According to the panel, the exception to the bodily injury exclusion requiring coverage for an Employment Practices Wrongful Act was written broadly and should be applied broadly, leaving Liberty with the duty to defend the athlete lawsuits seeking relief for emotional distress and/or mental anguish. Liberty never raised the argument that the exception applies only to third-party emotional distress claims for an Employment Practices Wrongful Act before the bankruptcy court.

Coverage for Investigations

Another disputed issue was whether the policy covered claims for non-compulsory investigations and information gathering that did not specifically allege USAG committed a wrongful act. Two issues comprised this disagreement: whether the Congressional and USOPC investigations were "formal investigations" or "formal proceedings" such that they satisfy the definition of a "claim" under the policy; and whether the White deposition and investigation matters were "for a Wrongful Act." The bankruptcy court ruled that the investigations were formal and therefore claims, but it did not speak to the second issue.

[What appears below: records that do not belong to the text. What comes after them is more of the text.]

(* Let $\mathcal{G}$ be a connected simple undirected graph on $N$ nodes, $G=(D+I_N)^{-1}(A+I_N)$, $T>0$ and $g<0$. Let $\Gamma=e^{gT}I_N-(e^{gT}-1)G$. Then every eigenvalue $\mu$ of $\Gamma$ is real and satisfies $-1<\mu\le 1$, $\mu=1$ is an eigenvalue of algebraic multiplicity one, and $\Gamma\mathbf{1}_N=\mathbf{1}_N$. Moreover, every solution of $\dot x(t)=gx(t)-gGx(kT)$ for $t\in[kT,(k+1)T)$, $k=0,1,2,\dots$ (with $x$ continuous) satisfies $x((k+1)T)=\Gamma x(kT)$ for all $k\ge 0$.
   Context: $A$ is the adjacency matrix and $D$ the degree matrix of the graph; $\mathbf{1}_N$ is the all-ones vector. *)

From HB Require Import structures.
From mathcomp Require Import all_boot all_order all_algebra.
From Stdlib Require Import Reals Lra ClassicalEpsilon FunctionalExtensionality PropExtensionality.

Set Implicit Arguments.
Unset Strict Implicit.
Unset Printing Implicit Defensive.

Definition cfind (T : Type) (P : pred T) (n : nat) : option T :=
  match excluded_middle_informative (exists x, P x) with
  | left h => Some (proj1_sig (constructive_indefinite_description _ h))
  | right _ => None
  end.

Lemma cfind_correct (T : Type) (P : pred T) n x : cfind P n = Some x -> P x.
Proof.
rewrite /cfind; case: excluded_middle_informative => // h [<-].
exact: proj2_sig (constructive_indefinite_description _ h).
Qed.

Lemma cfind_complete (T : Type) (P : pred T) : (exists x, P x) -> exists n, cfind P n.
Proof.
move=> h; exists 0%N; rewrite /cfind; case: excluded_middle_informative => //.
Qed.

Lemma cfind_ext (T : Type) (P Q : pred T) : P =1 Q -> cfind P =1 cfind Q.
Proof. by move=> /functional_extensionality ->. Qed.

Definition Reqb (x y : R) : bool := if Req_EM_T x y then true else false.
Lemma ReqP : Equality.axiom Reqb.
Proof. by move=> x y; rewrite /Reqb; case: Req_EM_T => h; constructor. Qed.

HB.instance Definition _ := hasDecEq.Build R ReqP.
HB.instance Definition _ := hasChoice.Build R (@cfind_correct R) (@cfind_complete R) (@cfind_ext R).

Lemma R_addrA : associative Rplus. Proof. move=> *; ring. Qed.
Lemma R_addrC : commutative Rplus. Proof. move=> *; ring. Qed.
Lemma R_add0r : left_id 0%R Rplus. Proof. move=> *; ring. Qed.
Lemma R_addNr : left_inverse 0%R Ropp Rplus. Proof. move=> *; ring. Qed.
HB.instance Definition _ := GRing.isZmodule.Build R R_addrA R_addrC R_add0r R_addNr.

Lemma R_mulrA : associative Rmult. Proof. move=> *; ring. Qed.
Lemma R_mulrC : commutative Rmult. Proof. move=> *; ring. Qed.
Lemma R_mul1r : left_id 1%R Rmult. Proof. move=> *; ring. Qed.
Lemma R_mulrDl : left_distributive Rmult Rplus. Proof. move=> *; ring. Qed.
Lemma R_one_neq0 : (1%R : R) != 0%R. Proof. by apply/ReqP; exact: R1_neq_R0. Qed.
HB.instance Definition _ := GRing.Zmodule_isComNzRing.Build R
  R_mulrA R_mulrC R_mul1r R_mulrDl R_one_neq0.

Lemma R_mulVf (x : R) : x != 0%R -> Rmult (Rinv x) x = 1%R.
Proof. by move/ReqP=> h; apply: Rinv_l. Qed.
Lemma R_invr0 : Rinv 0%R = 0%R. Proof. exact: Rinv_0. Qed.
HB.instance Definition _ := GRing.ComNzRing_isField.Build R R_mulVf R_invr0.

Record cpx := Cx { Re : R; Im : R }.
Definition C_to_pair (z : cpx) : R * R := (Re z, Im z).
Definition pair_to_C (p : R * R) : cpx := Cx p.1 p.2.
Lemma C_pairK : cancel C_to_pair pair_to_C. Proof. by case. Qed.
HB.instance Definition _ := Equality.copy cpx (can_type C_pairK).
HB.instance Definition _ := Choice.copy cpx (can_type C_pairK).

Definition C0 : cpx := Cx 0%R 0%R.
Definition C1 : cpx := Cx 1%R 0%R.
Definition Cadd (z w : cpx) : cpx := Cx (Rplus (Re z) (Re w)) (Rplus (Im z) (Im w)).
Definition Copp (z : cpx) : cpx := Cx (Ropp (Re z)) (Ropp (Im z)).
Definition Cmul (z w : cpx) : cpx :=
  Cx (Rminus (Rmult (Re z) (Re w)) (Rmult (Im z) (Im w)))
     (Rplus (Rmult (Re z) (Im w)) (Rmult (Im z) (Re w))).
Definition Cinv (z : cpx) : cpx :=
  let d := Rplus (Rmult (Re z) (Re z)) (Rmult (Im z) (Im z)) in
  Cx (Rdiv (Re z) d) (Ropp (Rdiv (Im z) d)).

Lemma C_ext (a b c d : R) : a = c -> b = d -> Cx a b = Cx c d.
Proof. by move=> -> ->. Qed.

Lemma C_addrA : associative Cadd. Proof. by case=> ? ? [? ?] [? ?]; apply: C_ext => /=; ring. Qed.
Lemma C_addrC : commutative Cadd. Proof. by case=> ? ? [? ?]; apply: C_ext => /=; ring. Qed.
Lemma C_add0r : left_id C0 Cadd. Proof. by case=> ? ?; apply: C_ext => /=; ring. Qed.
Lemma C_addNr : left_inverse C0 Copp Cadd. Proof. by case=> ? ?; apply: C_ext => /=; ring. Qed.
HB.instance Definition _ := GRing.isZmodule.Build cpx C_addrA C_addrC C_add0r C_addNr.

Lemma C_mulrA : associative Cmul. Proof. by case=> ? ? [? ?] [? ?]; apply: C_ext => /=; ring. Qed.
Lemma C_mulrC : commutative Cmul. Proof. by case=> ? ? [? ?]; apply: C_ext => /=; ring. Qed.
Lemma C_mul1r : left_id C1 Cmul. Proof. by case=> ? ?; apply: C_ext => /=; ring. Qed.
Lemma C_mulrDl : left_distributive Cmul Cadd.
Proof. by case=> ? ? [? ?] [? ?]; apply: C_ext => /=; ring. Qed.
Lemma C_one_neq0 : C1 != C0.
Proof. by apply/eqP => -[] /R1_neq_R0. Qed.
HB.instance Definition _ := GRing.Zmodule_isComNzRing.Build cpx
  C_mulrA C_mulrC C_mul1r C_mulrDl C_one_neq0.

Lemma C_mulVf (z : cpx) : z != C0 -> Cmul (Cinv z) z = C1.
Proof.
case: z => a b /eqP hz; rewrite /Cmul /Cinv /=.
have hd : Rplus (Rmult a a) (Rmult b b) <> 0%R.
  move=> h; apply: hz; have ha : a = 0%R by nra.
  have hb : b = 0%R by nra.
  by rewrite ha hb.
by apply: C_ext; field.
Qed.
Lemma C_invr0 : Cinv C0 = C0.
Proof. rewrite /Cinv /=; apply: C_ext; rewrite /Rdiv; ring. Qed.
HB.instance Definition _ := GRing.ComNzRing_isField.Build cpx C_mulVf C_invr0.

Definition RtoC (r : R) : cpx := Cx r 0%R.

Local Open Scope ring_scope.

Definition simple_graph (N : nat) (e : rel 'I_N) : Prop :=
  symmetric e /\ irreflexive e.
Definition connected_graph (N : nat) (e : rel 'I_N) : Prop :=
  forall i j : 'I_N, connect e i j.

Definition adjmx (N : nat) (e : rel 'I_N) : 'M[R]_N :=
  \matrix_(i, j) (e i j)%:R.
Definition degmx (N : nat) (e : rel 'I_N) : 'M[R]_N :=
  \matrix_(i, j) ((i == j)%:R * #|[set k | e i k]|%:R).

Definition Gmx (N : nat) (e : rel 'I_N) : 'M[R]_N :=
  invmx (degmx e + 1%:M) *m (adjmx e + 1%:M).

Definition Gammamx (N : nat) (e : rel 'I_N) (g T : R) : 'M[R]_N :=
  exp (Rmult g T) *: 1%:M - (exp (Rmult g T) - 1) *: Gmx e.

Definition onesv (N : nat) : 'cV[R]_N := const_mx 1.

Definition deriv_within (f : R -> R) (D : R -> Prop) (l t : R) : Prop :=
  limit1_in (fun s => Rdiv (Rminus (f s) (f t)) (Rminus s t))
            (fun s => D s /\ s <> t) l t.

From Stdlib Require Import Reals Lra.
From HB Require Import structures.
From mathcomp Require Import all_boot all_order all_algebra.
From mathcomp Require Import ring.
Import GRing.Theory.

Set Implicit Arguments.
Unset Strict Implicit.
Unset Printing Implicit Defensive.
Local Open Scope ring_scope.

(* Write s_i = d_i + 1 for the closed degree of node i and
   m_ij = a_ij + delta_ij for the entries of A + I, so that G_ij = m_ij / s_i and
   Gamma = c I - (c - 1) G with c = e^{gT} in (0, 1).

   A left eigenvector v of Gamma for mu gives, after the
   rescaling u_i = v_i / s_i, the "closed-neighbourhood equation"
   (c - 1) sum_i u_i m_ij = (c - mu) s_j u_j.  Since m is symmetric and
   nonnegative, with column sums s_j, such an equation forces the eigenvalue
   lam = (c - mu)/(c - 1) to be real (a symmetry argument on the real and
   imaginary parts) and of modulus at most 1 (look at a coordinate of maximal
   modulus); hence mu = c - (c - 1) lam lies in (2c - 1, 1] within (-1, 1].
   For lam = 1 a maximum-principle argument along the connected graph shows u
   is constant, so the left fixed vectors of Gamma are multiples of (s_i)_i.
   A general criterion (conjugate by a shear sending e_0 to 1_N and expand
   along the first column) turns "Gamma 1 = 1 and no nonzero left fixed vector
   is orthogonal to 1" into "1 is a simple root of the characteristic
   polynomial".

   On [kT, (k+1)T) each coordinate solves the scalar ODE
   y' = g y - g K with K frozen, so (y - K) e^{-g(t - kT)} has zero derivative
   inside the interval; by continuity it takes the same value at both ends,
   which is exactly x((k+1)T) = Gamma x(kT). *)

(* The ring operations of R as a MathComp field are the Stdlib ones; these
   rewrite rules let Stdlib tactics (lra, nra) see through them. *)
Lemma RaddE (x y : R) : x + y = Rplus x y. Proof. by []. Qed.
Lemma RmulE (x y : R) : x * y = Rmult x y. Proof. by []. Qed.
Lemma RoppE (x : R) : - x = Ropp x. Proof. by []. Qed.
Lemma R0E : (@GRing.zero _ : R) = R0. Proof. by []. Qed.
Lemma R1E : (@GRing.one _ : R) = R1. Proof. by []. Qed.
Ltac toR := rewrite ?RaddE ?RmulE ?RoppE ?R0E ?R1E.

Lemma natRE (n : nat) : (n%:R : R) = INR n.
Proof. by elim: n => [//|n IH]; rewrite -addn1 natrD IH plus_INR. Qed.

(* Order facts about finite sums of reals (R carries no MathComp order). *)

Lemma Rsum_abs_le (I : finType) (F : I -> R) :
  Rle (Rabs (\sum_i F i)) (\sum_i Rabs (F i)).
Proof.
apply: (big_ind2 (fun a b => Rle (Rabs a) b)) => [|x1 x2 y1 y2 h1 h2|i _].
- by rewrite Rabs_R0; apply: Rle_refl.
- by apply: Rle_trans (Rabs_triang _ _) _; apply: Rplus_le_compat.
- exact: Rle_refl.
Qed.

Lemma Rsum_le (I : finType) (F G : I -> R) :
  (forall i, Rle (F i) (G i)) -> Rle (\sum_i F i) (\sum_i G i).
Proof.
move=> hFG; apply: (big_ind2 Rle) => [|*|i _]; last exact: hFG.
  exact: Rle_refl.
exact: Rplus_le_compat.
Qed.

Lemma Rsum_ge0 (I : finType) (P : pred I) (F : I -> R) :
  (forall i, Rle 0 (F i)) -> Rle 0 (\sum_(i | P i) F i).
Proof.
move=> hF; apply: (big_ind (Rle 0)) => [|*|i _]; last exact: hF.
  exact: Rle_refl.
exact: Rplus_le_le_0_compat.
Qed.

Lemma Rsum_gt0 (I : finType) (F : I -> R) j :
  (forall i, Rle 0 (F i)) -> Rlt 0 (F j) -> Rlt 0 (\sum_i F i).
Proof.
move=> hF hj; rewrite (bigD1 j) //=.
have := Rsum_ge0 (fun i => i != j) hF.
set S := \sum_(i | i != j) F i; toR; lra.
Qed.

Lemma Rsum_nonneg_eq0 (I : finType) (F : I -> R) j :
  (forall i, Rle 0 (F i)) -> \sum_i F i = 0 -> F j = 0.
Proof.
move=> hF hsum; case: (Rle_lt_or_eq_dec _ _ (hF j)) => [hj|<-//].
by have := Rsum_gt0 hF hj; rewrite hsum => /Rlt_irrefl.
Qed.

Lemma Rargmax (I : finType) (f : I -> R) (i0 : I) :
  exists j, forall i, Rle (f i) (f j).
Proof.
suff [j _ hj] : exists2 j, j \in i0 :: enum I &
    forall i, i \in i0 :: enum I -> Rle (f i) (f j).
  by exists j => i; apply: hj; rewrite inE mem_enum orbT.
elim: (enum I) i0 => [|y s IH] x0.
  by exists x0 => [|i]; rewrite ?inE // => /eqP ->; apply: Rle_refl.
have [j hj hmax] := IH y.
case: (Rle_lt_dec (f x0) (f j)) => hx.
  exists j => [|i]; first by rewrite inE hj orbT.
  by rewrite inE => /orP [/eqP ->|]; last exact: hmax.
exists x0 => [|i]; first by rewrite inE eqxx.
rewrite inE => /orP [/eqP ->|hi]; first exact: Rle_refl.
by apply: Rle_trans (hmax _ hi) _; lra.
Qed.

Section ClosedNeighbourhood.
Variables (N : nat) (e : rel 'I_N).

Definition cdeg (i : 'I_N) : R := #|[set k | e i k]|%:R + 1.
Definition cadj (i j : 'I_N) : R := (e i j)%:R + (i == j)%:R.

Lemma cdeg_gt0 i : Rlt 0 (cdeg i).
Proof. by rewrite /cdeg natRE; have := pos_INR #|[set k | e i k]|; toR; lra. Qed.

Lemma cdeg_neq0 i : cdeg i != 0.
Proof. by apply/eqP => h; have := cdeg_gt0 i; rewrite h => /Rlt_irrefl. Qed.

Lemma cadj_ge0 i j : Rle 0 (cadj i j).
Proof. by rewrite /cadj !natRE; apply: Rplus_le_le_0_compat; apply: pos_INR. Qed.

The panel determined that the congressional and USOPC investigations were "formal proceedings" or "formal investigations." The claims made in those proceedings were adversarial, and they raised the specter of misconduct by USAG, resulting in very serious harm to hundreds of girls and women. "Formal" has been defined as "[o]f, relating to, or involving establishing procedural rules, customs, and practices." "Formal" does not have to mean coercive, but instead can refer to the investigation being carried out according to established rules and procedures, which these investigations were. The panel also determined that the various investigations involved wrongful acts.

EPL Sublimit

In addition to an overall liability limit of $5 million, the policy included a $250,000 sublimit endorsement for Third Party Employment Practices Liability ("Third Party EPL"). The bankruptcy court found that the sublimit did not apply because the policy did not define "Third Party EPL" and was ambiguous and without legal effect. The panel, however, agreed with Liberty that "Third Party EPL," although not defined in the policy, is a term of art in the insurance industry. The bankruptcy court incorrected refused to consider evidence offered by Liberty to interpret this endorsement. With this type of insurance term of art, used in a policy in which the parties have a history of negotiating the terms of coverage, parol evidence should be allowed and considered.

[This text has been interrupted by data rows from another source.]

(* With y(x) = e^(-x) u(x) the Riccati equation of F = 1 + S_t linearises: y'' = c x^(k-1) y
   with c = w(t) k in (0, 1], y(0) = -1, y'(0) = 1, and F = -y'/y coefficientwise.  For large k
   the perturbation c x^(k-1) is tiny on [0, 1 + 1/k]: comparing y with its Taylor polynomials
   shows that y stays within O(1/k^2) of x - 1 there, so the first zero rho of u lies in
   (1/2, 1 + 1/k], and the Taylor tail of y at rho decays by a factor O(1/k^2) every k + 1
   coefficients.  Writing y = (x - rho) q, the series h = F - 1/(rho - x) solves h q = -q', and
   this decay of q turns, by induction on the coefficients, into |h_n| <= (rho kap)^(-n) for
   kap = k^((1 - eta)/k).  Since kap^n >= n^(1 - eta) for n >= k, the relative error of
   [z^n] S_t against rho^(-n-1) is at most 2 n^(eta - 1). *)

Lemma sum_f_R0_swap_triangle (f : nat -> nat -> R) (n : nat) :
  sum_f_R0 (fun i => sum_f_R0 (f i) i) n =
  sum_f_R0 (fun j => sum_f_R0 (fun l => f (j + l)%nat j) (n - j)) n.
Proof.
  induction n as [|n IH]; [reflexivity|].
  rewrite (tech5 (fun i => sum_f_R0 (f i) i)), IH, tech5.
  rewrite (tech5 (fun j => sum_f_R0 (fun l => f (j + l)%nat j) (S n - j))), Nat.sub_diag.
  cbn [sum_f_R0]; rewrite Nat.add_0_r.
  rewrite (sum_eq (fun j => sum_f_R0 (fun l => f (j + l)%nat j) (S n - j))
             (fun j => sum_f_R0 (fun l => f (j + l)%nat j) (n - j) + f (S n) j)).
  - rewrite sum_plus; lra.
  - intros j Hj. replace (S n - j)%nat with (S (n - j)) by lia.
    rewrite tech5. do 2 f_equal. lia.
Qed.

Lemma sum_f_R0_delta (k : nat) (x : R) (n : nat) :
  sum_f_R0 (fun i => if Nat.eqb i k then x else 0) n = if Nat.leb k n then x else 0.
Proof.
  induction n as [|n IH].
  - destruct k; reflexivity.
  - rewrite tech5, IH.
    destruct (Nat.eqb_spec (S n) k), (Nat.leb_spec k n), (Nat.leb_spec k (S n)); try lia; ring.
Qed.

Lemma succ_mul_pow_le (x : R) (j : nat) : 0 <= x <= 1/2 -> INR (S j) * x ^ S j <= x.
Proof.
  intros Hx. induction j as [|j IH]; [simpl; lra|].
  assert (x ^ j <= 1) by (rewrite <- (pow1 j); apply pow_incr; lra).
  assert (0 <= x ^ j) by (apply pow_le; lra).
  assert (0 <= INR (S j)) by apply pos_INR.
  rewrite S_INR. simpl pow in *. nra.
Qed.

Lemma sum_pow_succ_le (x : R) (n : nat) :
  0 <= x <= 1/2 -> sum_f_R0 (fun j => x ^ S j) n <= 2 * x.
Proof.
  intros Hx.
  rewrite (sum_eq _ (fun j => x ^ j * x)) by (intros; simpl; ring).
  rewrite <- scal_sum, tech3 by lra.
  assert (0 <= x ^ S n) by (apply pow_le; lra).
  assert ((1 - x ^ S n) / (1 - x) <= 2).
  { apply Rmult_le_reg_r with (1 - x); [lra|].
    unfold Rdiv. rewrite Rmult_assoc, Rinv_l by lra. lra. }
  nra.
Qed.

Accordingly, the case was reversed and remanded to the district court and bankruptcy court for further proceedings.

USA Gymnastics v. Liberty Insurance Underwriters, Inc., No. 20-1245, 2022 U.S. App. LEXIS 5185 (7th Cir. Feb. 25, 2022).

DISCLAIMER: Because of the generality of this update, the information provided herein may not be applicable in all situations and should not be acted upon without specific legal advice based on particular situations.